Richard Dadd in Bedlam
1 2
‘Remember when you were young and I told you how there was no life without fire, how Prometheus had stolen fire from the gods, how fire comes from the sun, so all life comes also from the sun? Men had sought the secret of fire through the centuries, and long long before they understood it, they knew how to make it. Men can usually do things before they understand what they are doing.
‘Air they thought an element, something indivisible into any smaller components than itself. It was the great Lavoisier who discovered it was a composite. He dispensed with the imaginary—he got rid of phlogiston. He realised that when phosphorus burned, it married the air. That was why the resulting acid was heavier than the original material before the fire. Up to that time, everyone had thought when something burned, it merely fell apart, disintegrated into bits of something simpler. Now they came to understand that when it burned, it became even more complex than before. Phosphoric acid is richer in complexity than phosphorus itself.
‘Now once we could understand oxygen, we could understand fire, for at last we were separating the world into its true colours, and we started to build up our table of the elements. Now we could read for the first time the world’s signature.’
His face had become bright by now, and I knew the source of that illumination. I know where the dead lights live. I watch them as they circle me each night. Osiris had taught me the secret of the hieroglyphs, and enough of his own tongue that I could understand him when he spoke. The demons wear masks of flesh and dress themselves in kindly laughter.
We ate at the Ship Inn that evening and I prevailed upon him to continue.
‘Imagine, Richard, the shock the world felt to learn that the four fundamental elements acknowledged since antiquity, earth, water, fire and air, were in truth all compounds. Even water, that homogeneous and transparent substance, turns out to be a compound, an invisible complexity. The scientists had to learn to separate and measure, to see water but to discover deep at the heart of it hydrogen and oxygen. And fire was a process, an intermarriage between things of a dissimilar nature, a miscegenation breeding hybrids.’
The god was angry that what he had put together in such flames of love and hatred should be divorced in this way by men with glass flasks and retorts, holding up their paltry scales to the one great eye of the sun. And the evening sun now started to settle its gold rays on my father’s affable features through the window, focussing at last. A walk outside, I suggested. Why not a gentle stroll amongst those signatures?
‘Geology is simply another way of reading the matter at hand,’ my father continued as we walked. ‘Many of the formations about here originate in the cretaceous period. The surfaces of earth are like ancient languages,’—he actually said this, as though I still needed any further sign—‘waiting for us to come and decode them. We are surrounded by the mute script of the inanimate world.’
Inanimate! Not a diplomatic word to use before a mighty god and his creation. I took the spring knife from my pocket and jumped upon my father.
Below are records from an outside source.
Definition weak_star_exposed (f0 : X -> R) : Prop :=
  dual_ball f0 /\
  exists x : X,
    f0 x = sup [set f x | f in dual_ball] /\
    [set f | dual_ball f /\ f x = f0 x] = [set f0].

Definition open_ball (c : X) (r : R) : set X := [set z | `|c - z| < r].

(* A has a ball-covering consisting of m balls (indexed by 'I_m), none of
   which contains 0, i.e. 0 < r_i <= ||c_i||. *)
Definition has_ball_covering (A : set X) (m : nat) : Prop :=
  exists (c : 'I_m -> X) (r : 'I_m -> R),
    (forall i, 0 < r i <= `|c i|) /\
    A `<=` \bigcup_(i in [set: 'I_m]) open_ball (c i) (r i).

End Dual.

From HB Require Import structures.
From mathcomp Require Import all_boot all_order all_algebra.
From mathcomp Require Import all_classical all_reals all_analysis.
From mathcomp Require Import finmap lra.
Set Implicit Arguments. Unset Strict Implicit. Unset Printing Implicit Defensive.
Import Order.TTheory GRing.Theory Num.Theory.
Import numFieldNormedType.Exports.
Local Open Scope classical_set_scope.
Local Open Scope ring_scope.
No Richard, no, he shouted, fear lighting his eyes finally with the one true flame. Their greatest disguise is kindness. The old man was stronger than I had expected, though, and protected his throat with some vigour. It was the throat I was directed to, for I had already made countless drawings of all my relatives with their throats cut, opened for the spirit to enter, but despite my clawing and my kicking and my slaps I could not release his grasp. And so, failing my instructions in this one respect, I merely stabbed and stabbed and stabbed again. Stomach, groin, breast, thigh. The blade plunged and the wounds spurted, then another patch of flesh appeared for severing, and all the time his whimpering entreaties. No, Richard, no. Arteries gushed like little crimson springs. I could smell the sweetness of his blood upon me. Then he who had tried to steal the name of father finally lay still, with no more words tripping from his tongue. The sun licked his new red trophies and fell silent too.
From thence to France, where my razor nearly did find a throat to enter. And then asylum years began. Which, they tell me, will not end, for it seems that I must leave here dressed in pinewood.
I try to explain to the doctor but he has an omnicompetent smile too, and cannot see them all around as I can. Sometimes tiny, sometimes huge. They can block out the whole sky at night or creep like bacteria with shrivelled wings into the orifices of your own body, waiting there, preparing the machines of torture. My visitations.
Intermittently the pharmacopia: they sink a rainbow in your blood and dry out for one afternoon the ceaseless grieving drizzle in your soul.
They are filing out now to the green yards but today I shall stay here. I lift this tiny brush and permit my hand to make the immense journey through the air towards the picture. Already that lady’s breasts are huge and pointing to a different purpose than the one she keeps her face for. There is a gigantic calcium deception trapped inside her bodice. Already the patriarch is half-blind with the shadows of his years. I painted so often the figures of that lost time of translation in the forest, with Oberon and Titania: so quick bright things come to confusion. They turn the witching night to tinsel for their window decorations.
The daisies’ brilliant faces are exploding into wisdom. Watch now as the fairy feller brings his axe down on the hazelnut. If he splits it the first time, how many new worlds do you think will fly out? And am I to be left here alone again to witness them?
“Richard Dadd in Bedlam” by Alan Wall appears in his fiction collection Richard Dadd in Bedlam and Other Stories (Vintage, 2000).